Sometimes I complain that I'm a single-parent at times like this, but this offends my husband. I suppose he has every right to be offended because it makes him sound like he's run off on an adventure without any care of what happens back at home. I understand that this literal fact is not true, but on the other hand, when the kids start throwing up, the homework needs to be done, the dinner needs to be cooked, professional responsibilties need to be tended to, the house needs cleaning, and the clothes are all dirty and need washing, for all intense purposes, it is true. I've got no back-up and, for some reason, TDY is often the time when the car starts falling apart or the kids need a middle-of-the-night ER trip. The main difference is that it is, thankfully, temporary.

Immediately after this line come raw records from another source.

Lemma bregman_fconjE (R : realType) m (h : 'cV[R]_m -> R) (u z y : 'cV[R]_m) :
  dotv u z - h z = fconj h u -> bregman h u z y = h y - dotv u y + fconj h u.
Proof. by move=> zmax; rewrite /bregman dotvBr; lra. Qed.

Section SigmaMax.
Variables (R : realType) (m p : nat) (M : 'M[R]_(m, p)).
Implicit Types v : 'cV[R]_p.

Lemma sigma_max_has_ubound :
  has_ubound [set Num.sqrt (norm2 (M *m v)) | v in [set v | norm2 v = 1]]%classic.
Proof.
exists (Num.sqrt (\sum_i (\sum_j `|M i j|) ^+ 2)) => _ [v /= v1 <-].
apply: ler_wsqrtr; apply: ler_sum => i _.
have Mv_le : `|(M *m v) i 0| <= \sum_j `|M i j|.
  rewrite mxE; apply: le_trans (ler_norm_sum _ _ _) _; apply: ler_sum => j _.
  by rewrite normrM ler_piMr // -sqrtr1 -v1 coord_le_sqrt_norm2.
by apply: le_trans (ler_norm _) _; rewrite normrM expr2 ler_pM.
Qed.

Lemma norm2_mulmx_unit_le v : norm2 v = 1 -> norm2 (M *m v) <= sigma_max M ^+ 2.
Proof.
move=> v1; have sqrt_le : Num.sqrt (norm2 (M *m v)) <= sigma_max M.
  by apply: ub_le_sup; [exact: sigma_max_has_ubound | exists v].
rewrite -(sqr_sqrtr (norm2_ge0 (M *m v))) !expr2.
by apply: ler_pM; rewrite ?sqrtr_ge0.
Qed.

Lemma norm2_mulmx_le v : norm2 (M *m v) <= sigma_max M ^+ 2 * norm2 v.
Proof.
have [->|v0] := eqVneq v 0; first by rewrite mulmx0 /norm2 !dotv0l mulr0.
set s := Num.sqrt (norm2 v); have s_gt0 : 0 < s by rewrite sqrtr_gt0 norm2_gt0.
have ss : s ^+ 2 = norm2 v by rewrite sqr_sqrtr ?norm2_ge0.
set w := s^-1 *: v.
have w1 : norm2 w = 1 by rewrite norm2Z exprVn ss mulVf // norm2_eq0.
have -> : v = s *: w by rewrite /w scalerA mulfV ?scale1r // lt0r_neq0.
clearbody w; rewrite -scalemxAr !norm2Z w1 mulr1 mulrC ler_pM2r ?exprn_gt0 //.
exact: norm2_mulmx_unit_le.
Qed.

End SigmaMax.

Section BlockStep.
Variables (R : realType) (m n : nat) (A : 'M[R]_(m, n)) (J : {set 'I_n}).
Implicit Types (u z : 'cV[R]_m).

Lemma colJ_tr_mulmx_eq0 z : A^T *m z = 0 -> (colJ A J)^T *m z = 0.
Proof.
move=> Az0; rewrite /colJ trmx_mxsub mul_rowsub_mx Az0.
by apply/matrixP => i j; rewrite !mxE.
Qed.

Lemma dotv_colJ_resid z : dotv z (colJ A J *m resid A J z) = norm2 (resid A J z).
Proof. by rewrite dotv_mulmx. Qed.

Lemma norm2_colJ_resid_gt0 z : resid A J z != 0 -> 0 < norm2 (colJ A J *m resid A J z).
Proof.
move=> r0; rewrite norm2_gt0; apply: contraNneq r0 => Ar0.
by rewrite -norm2_eq0 -dotv_colJ_resid Ar0 dotvC dotv0l.
Qed.

Lemma resid_sigma_le_midterm z :
  norm2 (resid A J z) / sigma_max (colJ A J) ^+ 2 <= midterm A J z.
Proof.
rewrite /midterm /=; set r := resid A J z; case: eqP => [->|/eqP r0].
  by rewrite /norm2 dotv0l mul0r.
have Ar_gt0 : 0 < norm2 (colJ A J *m r) := norm2_colJ_resid_gt0 r0.
have Ar_le := norm2_mulmx_le (colJ A J) r.
have r_gt0 : 0 < norm2 r by rewrite norm2_gt0.
have s_gt0 : 0 < sigma_max (colJ A J) ^+ 2 by nra.
rewrite ler_pdivrMr // mulrAC ler_pdivlMr // expr2 -mulrA ler_pM2l //.
by rewrite mulrC.
Qed.

Lemma bregman_kstep_le (h : 'cV[R]_m -> R) (mu delta : R) zhat u z u' z' :
  strongly_convex mu h -> (colJ A J)^T *m zhat = 0 ->
  is_gradient (fconj h) u z -> u' = kstep A J z delta u -> is_gradient (fconj h) u' z' ->
  bregman h u' z' zhat
    <= bregman h u z zhat - delta * (2 * mu - delta) / (2 * mu) * midterm A J z.
Proof.
move=> sc_h AJzhat grad -> grad'; have [mu_gt0 _] := sc_h.
have zmax := fconj_gradient_maximizer sc_h grad.
rewrite !bregman_fconjE ?(fconj_gradient_maximizer sc_h grad') //.
rewrite /kstep /midterm /=; set r := resid A J z; case: eqP => [_|/eqP r0].
  by rewrite mulr0 subr0.
set v := colJ A J *m r; set c := delta * (norm2 r / norm2 v).
have v_gt0 : 0 < norm2 v := norm2_colJ_resid_gt0 r0.
have v_zhat : dotv (c *: v) zhat = 0.
  by rewrite dotvZl dotvC dotv_mulmx AJzhat dotv0l mulr0.
have := fconj_smooth sc_h (- (c *: v)) zmax.
rewrite dotvNl dotvZl (dotvC v) dotv_colJ_resid -/r norm2N norm2Z dotvBl v_zhat subr0.
have : c * norm2 r - c ^+ 2 * norm2 v / (2 * mu)
    = delta * (2 * mu - delta) / (2 * mu) * (norm2 r ^+ 2 / norm2 v).
  by rewrite /c; field; rewrite !lt0r_neq0.
lra.
Qed.

End BlockStep.

Theorem mainTheorem3 (R : realType) (m n : nat) (A : 'M[R]_(m, n)) (b : 'cV[R]_m)
  (g : 'cV[R]_m -> R) (mu : R) (zhat uk zk uk1 zk1 : 'cV[R]_m)
  (J : {set 'I_n}) (delta : R) :
  strongly_convex mu g ->
  A^T *m zhat = 0 ->
  (forall z : 'cV[R]_m, A^T *m z = 0 -> hfun g b zhat <= hfun g b z) ->
  is_gradient (fconj (hfun g b)) uk zk ->
  colJ A J != 0 ->
  0 < delta ->
  uk1 = kstep A J zk delta uk ->
  is_gradient (fconj (hfun g b)) uk1 zk1 ->
  bregman (hfun g b) uk1 zk1 zhat
    <= bregman (hfun g b) uk zk zhat
       - delta * (2 * mu - delta) / (2 * mu) * midterm A J zk
  /\ (delta <= 2 * mu ->
      bregman (hfun g b) uk zk zhat
       - delta * (2 * mu - delta) / (2 * mu) * midterm A J zk
      <= bregman (hfun g b) uk zk zhat
       - delta * (2 * mu - delta) / (2 * mu)
         * (norm2 (resid A J zk) / sigma_max (colJ A J) ^+ 2)).
Proof.
move=> sc_g Azhat _ grad_k _ delta_gt0 step grad_k1; have [mu_gt0 _] := sc_g.
split.
  exact: bregman_kstep_le (strongly_convex_sub_dotv b sc_g)
    (colJ_tr_mulmx_eq0 J Azhat) grad_k step grad_k1.
move=> delta_le; rewrite lerD2l lerN2; apply: ler_wpM2l.
  by apply: divr_ge0; [apply: mulr_ge0 |]; lra.
exact: resid_sigma_le_midterm.
Qed.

As military spouses and parents, I think we do live a double-life. We have the life when our spouses are home and the life when they are gone. And, I think, they are two very different lives. Complete and incomplete. I stress out over upcoming TDYs and then stress out about settling back in when they are over. Just when you get the hang of things being one way, it's time for a chance.

While I'm amazingly blessed that Osan provides a unique support system unlike I've ever seen in my many years as a military spouse, the best support system in the world doesn't really change the fact that someone has to get up at three in the morning to change the sheets or if I'm having a spectacularly bad day, there's no relief and that can be a lonely place to be.

On the other hand, TDY time is also when we really find out what it means to be a support system. While we can't always fix every problem and be there for each other in the middle of the night, I know that, if I asked, someone would come and that helps. When I was talking to a new Osanite recently, she was concerned about what would happen if a medical emergency happened while she was so far from her family and I was able to say, without a second of doubt, that there would be help.

Sometimes I wonder how I can be so weak and dependant, then other times I'm amazed at how much strength I have at just "getting through". And, surprisingly, I do always "get through". Sometimes better than others, but always with new lessons learned and a new appreciation for the love and support around me.